__RECORDS SUPPLIED__.
(* Post-composition with a 2-coloured multi-homomorphism eta is an order-preserving
   map eta_* between Hom posets, and eta <= eta' gives eta_* <= eta'_* pointwise.
   Two comparable order-preserving maps phi <= psi have homotopic realizations:
   at time s a point t supported on a chain x_1 < ... < x_k is sent along phi for
   the part of its mass, accumulated from the bottom of the chain, lying below
   level 1 - s, and along psi for the rest; the image is supported on the chain
   phi x_1 <= ... <= phi x_j <= psi x_j <= ... <= psi x_k.  Continuity for the
   weak topology reduces to a Lipschitz estimate on each finite subcomplex.
   Hence the points of |Hom(Y, Z)| whose support contains some eta with eta_*
   homotopic to f_* form an open and closed set; it contains the vertex f, so
   it contains the whole component of f, in particular the vertex g. *)

Section FinitelySupportedSums.
Variable T : choiceType.
Implicit Types (D : set T) (f : T -> R) (X : {fset T}).

Lemma fsbig_fset D f X : (forall i, D i -> f i != 0 -> i \in X) ->
  \sum_(i \in D) f i = \sum_(i <- X) (if i \in D then f i else 0).
Proof.
move=> DX; rewrite fsbig_mkcond (fsbigTE X) // => i iX; rewrite /patch.
case: ifP => // /set_mem Di; apply/eqP; apply: contraNT iX; exact: DX.
Qed.

Lemma fsbig_supp f X : (forall i, f i != 0 -> i \in X) ->
  \sum_(i \in supp f) f i = \sum_(i <- X) f i.
Proof.
move=> fX; rewrite (fsbig_fset (X := X)) => [|i _]; last exact: fX.
apply: eq_bigr => i _; case: ifPn => // /negP ni; apply/esym/eqP.
by apply: contraT => fi; exfalso; apply/ni/mem_set.
Qed.

Lemma sumr_pred1_seq (T' : eqType) (r : seq T') (i0 : T') (c : R) :
  i0 \in r -> uniq r -> \sum_(i <- r) (if i0 == i then c else 0) = c.
Proof.
move=> i0r ur; rewrite (bigD1_seq i0) //= eqxx big1 ?addr0 // => i.
by rewrite eq_sym => /negbTE ->.
Qed.

Lemma ler_norm_sum_size (r : seq T) (F : T -> R) (B : R) :
  (forall i, `|F i| <= B) -> `|\sum_(i <- r) F i| <= (size r)%:R * B.
Proof.
move=> FB; elim: r => [|i r IH]; first by rewrite big_nil normr0 mul0r.
rewrite big_cons /= -addn1 natrD mulrDl mul1r addrC.
by apply: le_trans (ler_normD _ _) _; apply: lerD.
Qed.

End FinitelySupportedSums.

Lemma supp_fset_set (T : choiceType) (S : set T) (t : T -> R) :
  finite_set S -> supp t `<=` S -> forall x, t x != 0 -> x \in fset_set S.
Proof. by move=> finS tS x tx; rewrite in_fset_set //; apply/mem_set/tS. Qed.

Lemma supp_vertex (T : Type) (x : T) : supp (vertex x) = [set x].
Proof.
apply/seteqP; split => y; rewrite /supp /vertex /=.
  by case: asboolP => // _; rewrite eqxx.
by move=> ->; rewrite asboolT // oner_neq0.
Qed.

Section Realization.
Variables (T : choiceType) (A : set T) (le : T -> T -> Prop).
Implicit Types (t : T -> R) (p q : realization A le).

Lemma realization_inj p q : sval p = sval q -> p = q.
Proof. by case: p q => t tP [u uP] /= tu; apply: eq_exist. Qed.

Lemma geom_pt_sum t (X : {fset T}) : geom_pt A le t ->
  (forall x, t x != 0 -> x \in X) -> \sum_(x <- X) t x = 1.
Proof. by case=> _ _ _ t1 _ tX; rewrite -t1 (fsbig_supp tX). Qed.

Lemma geom_pt_supp_neq0 t : geom_pt A le t -> exists x, supp t x.
Proof.
case=> _ _ _ t1 _; apply: contrapT => supp0; move: t1.
suff -> : supp t = set0 by rewrite fsbig_set0 => /eqP; rewrite eq_sym oner_eq0.
by apply/seteqP; split => // x tx; apply: supp0; exists x.
Qed.
(* Let $n\ge2$, $\tau_1,\dots,\tau_n\in\mathbb{C}$, $\vartheta\notin-\mathbb{N}$ (and $\vartheta\neq0$). Then, as identities of formal power series in the variables $z_{j,k}$ ($1\le k<j\le n$): for $1\le r_1<r_2\le n-1$, $$\partial_{z_{r_2,r_1}}(\mathcal{X}_A)=\sum_{s=1}^{r_1}\tau_sP_{[s,r_1]}\,\mathcal{X}_A[s,r_2],$$ and for $r\in\{1,\dots,n-1\}$, $$\partial_{z_{n,r}}(\mathcal{X}_A)=\frac{\tau_n}{\vartheta}\sum_{s=1}^{r}\tau_sP_{[s,r]}\,\mathcal{X}_A[s,n].$$
   Context: $(c)_i=c(c+1)\cdots(c+i-1)$. $\Gamma_A=\bigoplus_{1\le j<i\le n}\mathbb{N}\epsilon_{i,j}$; for $\beta\in\Gamma_A$: $\beta_{\underline 1}=0$, $\beta_{\underline i}=\sum_{r=1}^{i-1}\beta_{i,r}$, $\beta_{\overline n}=0$, $\beta_{\overline j}=\sum_{s=j+1}^n\beta_{s,j}$, $\beta!=\prod\beta_{j,k}!$, $z^\beta=\prod z_{j,k}^{\beta_{j,k}}$. $\mathcal{X}_A=\mathcal{X}_A(\tau_1,\dots,\tau_n;\vartheta)\{z_{j,k}\}=\sum_{\beta\in\Gamma_A}\frac{\left[\prod_{s=1}^{n-1}(\tau_s-\beta_{\underline s})_{\beta_{\overline s}}\right](\tau_n)_{\beta_{\underline n}}}{\beta!\,(\vartheta)_{\beta_{\underline n}}}z^\beta$. For $1\le i<j\le n-1$, $\mathcal{X}_A[i,j]$ is $\mathcal{X}_A$ with $\tau_i$ replaced by $\tau_i+1$ and $\tau_j$ by $\tau_j-1$; for $k\le n-1$, $\mathcal{X}_A[k,n]$ is $\mathcal{X}_A$ with $\tau_k\to\tau_k+1$, $\tau_n\to\tau_n+1$, $\vartheta\to\vartheta+1$ (and $\mathcal{X}_A[k,k]$, $\mathcal X_A[k,n]$ for the evident index ranges are defined by these rules). Path polynomials: for positive integers $k_1<k_2$, a path from $k_1$ to $k_2$ is a sequence $k_1=m_0<m_1<\cdots<m_r=k_2$, and $P_{[k_1,k_2]}=\sum_{\text{paths}}(-1)^rz_{m_1,m_0}z_{m_2,m_1}\cdots z_{m_r,m_{r-1}}$; $P_{[k,k]}=1$. *)

From HB Require Import structures.
From mathcomp Require Import all_boot all_algebra.
From mathcomp Require Import reals realfun.
From mathcomp Require Export complex.

Set Implicit Arguments.
Unset Strict Implicit.
Unset Printing Implicit Defensive.

Import GRing.Theory Num.Theory.
Local Open Scope ring_scope.

Section FPS.
Variable C : fieldType.
Variable n : nat.

(* Variables z_{j,k}, 1 <= k < j <= n, encoded 0-based as pairs (j-1,k-1). *)
Definition var := {p : 'I_n * 'I_n | (p.2 < p.1)%N}.

Definition mexp := {ffun var -> nat}.

Definition fps := mexp -> C.

(* beta_{j,k} with 1-based indices (0 if (j,k) is not a variable). *)
Definition ex (b : mexp) (j k : nat) : nat :=
  \sum_(v : var | ((val v).1.+1 == j) && ((val v).2.+1 == k)) b v.

Definition unit_exp (j k : nat) : mexp :=
  [ffun v : var => (((val v).1.+1 == j) && ((val v).2.+1 == k) : nat)].

Definition mexp0 : mexp := [ffun _ => 0%N].
Definition mexp_add (a b : mexp) : mexp := [ffun v => (a v + b v)%N].
Definition mexp_sub (a b : mexp) : mexp := [ffun v => (a v - b v)%N].
Definition mexp_le (a b : mexp) : bool := [forall v, (a v <= b v)%N].

Definition under (b : mexp) (i : nat) : nat := \sum_(1 <= r < i) ex b i r.
Definition over (b : mexp) (j : nat) : nat := \sum_(j.+1 <= s < n.+1) ex b s j.
Definition mfact (b : mexp) : nat := \prod_(v : var) (b v)`!.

__WORK TO COMPLETE__. The answer should consist solely of the lines from the first line above through the one with "i = \sum_(i <- X) f i.", both included, repeated exactly.

__ANSWER SPACE__.
(* Post-composition with a 2-coloured multi-homomorphism eta is an order-preserving
   map eta_* between Hom posets, and eta <= eta' gives eta_* <= eta'_* pointwise.
   Two comparable order-preserving maps phi <= psi have homotopic realizations:
   at time s a point t supported on a chain x_1 < ... < x_k is sent along phi for
   the part of its mass, accumulated from the bottom of the chain, lying below
   level 1 - s, and along psi for the rest; the image is supported on the chain
   phi x_1 <= ... <= phi x_j <= psi x_j <= ... <= psi x_k.  Continuity for the
   weak topology reduces to a Lipschitz estimate on each finite subcomplex.
   Hence the points of |Hom(Y, Z)| whose support contains some eta with eta_*
   homotopic to f_* form an open and closed set; it contains the vertex f, so
   it contains the whole component of f, in particular the vertex g. *)

Section FinitelySupportedSums.
Variable T : choiceType.
Implicit Types (D : set T) (f : T -> R) (X : {fset T}).

Lemma fsbig_fset D f X : (forall i, D i -> f i != 0 -> i \in X) ->
  \sum_(i \in D) f i = \sum_(i <- X) (if i \in D then f i else 0).
Proof.
move=> DX; rewrite fsbig_mkcond (fsbigTE X) // => i iX; rewrite /patch.
case: ifP => // /set_mem Di; apply/eqP; apply: contraNT iX; exact: DX.
Qed.

Lemma fsbig_supp f X : (forall i, f i != 0 -> i \in X) ->
  \sum_(i \in supp f) f i = \sum_(i <- X) f i.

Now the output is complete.